The Villunger group (Innsbruck, Austria) presented their recent work on mouse models to understand the physiological function of apoptosis-related proteins. Andreas Villunger gave an overview of the effects of Bmf knock out in mice focusing on its role in the remodeling of the mammary gland and in lymphocyte development. Eleonora Ottina presented her results on transgenic mice with Tet-regulated knock down system in the hematopoietic compartment. She showed how reduction of factors that are essential for granulopoiesis impairs the DN3/DN4 transition and causes pre-B-cell accumulation. Lukas Peintner used a Burkitt lymphoma model to show that specific components of the PIDDosomes have tumor suppressor activities, while other components exhibit tumor-promoting activities. Florian Bock showed that PDCD5 binds to TIP60 in response to DNA damage, highlighting the importance of PDCD5 for apoptosis in response to genotoxic stress.

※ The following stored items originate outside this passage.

Lemma gauss_lik_ratio a c t : 0 < c -> 0 < t ->
  gauss_lik a c / gauss_lik a t
  = Num.sqrt t / Num.sqrt c * expR (- (1 / 2) * a * (c^-1 - t^-1)).
Proof.
move=> c_gt0 t_gt0.
have -> : - (1 / 2) * a * (c^-1 - t^-1) = - a / (2 * c) - (- a / (2 * t)).
  by field; rewrite !gt_eqF.
have := sqrtr_gt0 c; have := sqrtr_gt0 t; rewrite c_gt0 t_gt0 => sc st.
rewrite expRD expRN /gauss_lik.
by field; rewrite !gt_eqF ?expR_gt0.
Qed.

End GaussLikelihood.

Lemma lee_of_scaled_lbound {R : realType} (M : \bar R) (L c b : R) :
  0 <= L -> 0 < c < b ->
  (forall t, c < t <= b -> ((L * (c / t))%:E <= M)%E) -> (L%:E <= M)%E.
Proof.
move=> L_ge0 /andP[c_gt0 cb] hM; apply/lee_mul01Pr; first by rewrite lee_fin.
move=> r /andP[r_gt0 r_lt1].
set r' := Num.max r (c / b).
have r'_gt0 : 0 < r' by rewrite lt_max r_gt0.
have r'_lt1 : r' < 1 by rewrite gt_max r_lt1 ltr_pdivrMr ?mul1r // (lt_trans c_gt0).
have cb_le : c / b <= r' by rewrite le_max lexx orbT.
apply: le_trans (hM (c / r') _).
  have -> : c / (c / r') = r' by field; rewrite !gt_eqF.
  by rewrite -EFinM lee_fin mulrC ler_wpM2l // le_max lexx.
rewrite ltr_pdivlMr // gtr_pMr // r'_lt1 ler_pdivrMr //=.
by rewrite mulrC -ler_pdivrMr ?(lt_trans c_gt0).
Qed.

(* [r] gives the off-diagonal entries of a positive definite 3x3 correlation matrix
   (the last condition is its determinant). *)
Definition pd_corr {R : realType} (r : R * R * R) : Prop :=
  [/\ -1 < rho1 r < 1, -1 < rho2 r < 1, -1 < rho3 r < 1
    & 0 < 1 - rho1 r ^+ 2 - rho2 r ^+ 2 - rho3 r ^+ 2 + 2 * rho1 r * rho2 r * rho3 r].

Section Admissible.
Variables (R : realType) (s1 s2 s3 : R).
Hypotheses (s1_gt0 : 0 < s1) (s2_gt0 : 0 < s2) (s3_gt0 : 0 < s3).

Local Notation ssq := (ssq s1 s2 s3).
Local Notation S02 := (s02 s1 s2 s3).
Local Notation Rset := (Rset s1 s2 s3).
Local Notation q := (Num.sqrt (s1 ^+ 2 + s3 ^+ 2)).
Implicit Types (m t u v w : R) (r : R * R * R).

Lemma s02E : S02 = s1 ^+ 2 + 4 * s2 ^+ 2 + s3 ^+ 2.
Proof. by rewrite /s02 /ssq /rho1 /rho2 /rho3 /= !mulr0 !subr0 addr0. Qed.

Lemma s02_gt0 : 0 < S02.
Proof. by rewrite s02E !addr_gt0 ?mulr_gt0 ?exprn_gt0. Qed.

Lemma Rset_pd_corr r : pd_corr r -> ssq r <= S02 -> Rset r.
Proof.
move=> [? ? ? ?] le_s02; split => //.
by rewrite /sfun ler_sqrt // (ltW s02_gt0).
Qed.

Lemma Rset0 : Rset (0, 0, 0).
Proof. by apply: Rset_pd_corr => //; rewrite /pd_corr /rho1 /rho2 /rho3 /=; split; lra. Qed.

Lemma pd_corr_diag u : 0 <= u < 1 -> pd_corr (u, u, u).
Proof.
move=> /andP[u_ge0 u_lt1]; rewrite /pd_corr /rho1 /rho2 /rho3 /=.
have -> : 1 - u ^+ 2 - u ^+ 2 - u ^+ 2 + 2 * u * u * u = (1 - u) ^+ 2 * (1 + 2 * u) by ring.
by split; rewrite ?mulr_gt0 ?exprn_gt0; lra.
Qed.

Lemma pd_corr_tilt u v w : 0 <= u < 1 -> 0 <= v -> 0 <= w -> v ^+ 2 + w ^+ 2 = 1 ->
  pd_corr (u * v, 0, u * w).
Proof.
move=> /andP[u_ge0 u_lt1] v_ge0 w_ge0 vw1; rewrite /pd_corr /rho1 /rho2 /rho3 /=.
have -> : 1 - (u * v) ^+ 2 - 0 ^+ 2 - (u * w) ^+ 2 + 2 * (u * v) * 0 * (u * w)
  = 1 - u ^+ 2 * (v ^+ 2 + w ^+ 2) by ring.
by rewrite vw1; split; nra.
Qed.

Lemma Rset_ssq_segment (m : R) (p : R -> R * R * R) :
  (forall u, 0 <= u < 1 -> pd_corr (p u) /\ ssq (p u) = S02 - u * (S02 - m)) ->
  forall t, m < t <= S02 -> exists2 r, Rset r & ssq r = t.
Proof.
move=> hp t /andP[mt tS]; set u := (S02 - t) / (S02 - m).
have K_gt0 : 0 < S02 - m by lra.
have u01 : 0 <= u < 1.
  by rewrite /u divr_ge0 ?(ltW K_gt0) ?subr_ge0 //= ltr_pdivrMr // mul1r; lra.
have [pd_pu ssq_pu] := hp u u01.
have ssq_t : ssq (p u) = t by rewrite ssq_pu /u divfK ?gt_eqF //; ring.
by exists (p u) => //; apply: Rset_pd_corr; rewrite // ssq_t.
Qed.

Lemma ssq_diag u : ssq (u, u, u) = S02 - u * (S02 - (2 * s2 - (s1 + s3)) ^+ 2).
Proof. by rewrite s02E /ssq /rho1 /rho2 /rho3 /=; ring. Qed.

Lemma ssq_tilt u : ssq (u * (s3 / q), 0, u * (s1 / q)) = S02 - u * (S02 - (2 * s2 - q) ^+ 2).
Proof.
have q_gt0 : 0 < q by rewrite sqrtr_gt0 addr_gt0 ?exprn_gt0.
have q2 : q ^+ 2 = s1 ^+ 2 + s3 ^+ 2 by rewrite sqr_sqrtr // addr_ge0 ?sqr_ge0.
have K : s1 ^+ 2 + 4 * s2 ^+ 2 + s3 ^+ 2 - (2 * s2 - q) ^+ 2 = 4 * s2 * q.
  by transitivity (s1 ^+ 2 + s3 ^+ 2 - q ^+ 2 + 4 * s2 * q); [ring | rewrite q2 subrr add0r].
have L : 4 * s1 * s2 * (u * (s1 / q)) + 4 * s2 * s3 * (u * (s3 / q)) = u * (4 * s2 * q).
  transitivity (4 * s2 * u * q ^+ 2 / q); last by field; rewrite gt_eqF.
  by rewrite q2; field; rewrite gt_eqF.
rewrite s02E K /ssq /rho1 /rho2 /rho3 /= -L; ring.
Qed.

Lemma Rset_ssq_attains t : tsL2 s1 s2 s3 < t <= S02 -> exists2 r, Rset r & ssq r = t.
Proof.
rewrite /tsL2 gt_min => /andP[/orP[] mt tS]; have ht := introT andP (conj mt tS).
  apply: (Rset_ssq_segment (p := fun u => (u, u, u)) _ ht).
  by move=> u u01; split; [exact: pd_corr_diag | exact: ssq_diag].
apply: (Rset_ssq_segment (p := fun u => (u * (s3 / q), 0, u * (s1 / q))) _ ht).
move=> u u01; split; last exact: ssq_tilt.
have q_gt0 : 0 < q by rewrite sqrtr_gt0 addr_gt0 ?exprn_gt0.
apply: pd_corr_tilt => //; rewrite ?divr_ge0 ?(ltW q_gt0) ?(ltW s1_gt0) ?(ltW s3_gt0) //.
rewrite !expr_div_n -mulrDl addrC sqr_sqrtr ?addr_ge0 ?sqr_ge0 // divff //.
by rewrite gt_eqF // addr_gt0 ?exprn_gt0.
Qed.

Lemma tsL2_ge0 : 0 <= tsL2 s1 s2 s3.
Proof. by rewrite le_min !sqr_ge0. Qed.

Lemma tsL2_le_s02 : tsL2 s1 s2 s3 <= S02.
Proof.
have q_ge0 : 0 <= q := sqrtr_ge0 _.
have q2 : q ^+ 2 = s1 ^+ 2 + s3 ^+ 2 by rewrite sqr_sqrtr // addr_ge0 ?sqr_ge0.
have := mulr_ge0 (ltW s2_gt0) q_ge0.
by rewrite ge_min s02E => sq_ge0; apply/orP; right; nra.
Qed.

Lemma ssq_lbound : has_lbound (ssq @` Rset).
Proof.
exists (S02 - 4 * s1 * s2 - 2 * s1 * s3 - 4 * s2 * s3).
move=> _ [r [/andP[? ?] /andP[? ?] /andP[? ?] _ _] <-].
have := mulr_gt0 s1_gt0 s2_gt0; have := mulr_gt0 s1_gt0 s3_gt0; have := mulr_gt0 s2_gt0 s3_gt0.
by rewrite s02E /ssq; nra.
Qed.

Michael Bergmann (Vienna, Austria) is developing influenza viruses that are engineered to stimulate the expression of modulators of the immune response to selectively kill cancer cells. Sebastian Dorn (Volker Wacheck group, Vienna, Austria) is developing new viral vectors to improve the efficiency of current vectors. Rudolf Oehler (Vienna, Austria) identified proteins of the complement system that correlated with response to therapy by using proteomic analysis of serum samples from cancer patients. Balasz Hegedus (Vienna, Austria) demonstrated, by using expression analysis, that spheroid cultures mimic the biophysical properties of a solid tumor, offering exciting opportunities for future studies of cancer cell biology. Karin Nowikovsky (Vienna, Austria) found that LETM1 is essential for potassium extrusion from the mitochondria. These findings may have implications in Wolf-Hirschhorn syndrome, which harbors a defect in this system.

The meeting was concluded with a so-called ‘pool seminar’, wherein the organizer wrapped up the presented data in the form of a poem at the swimming pool.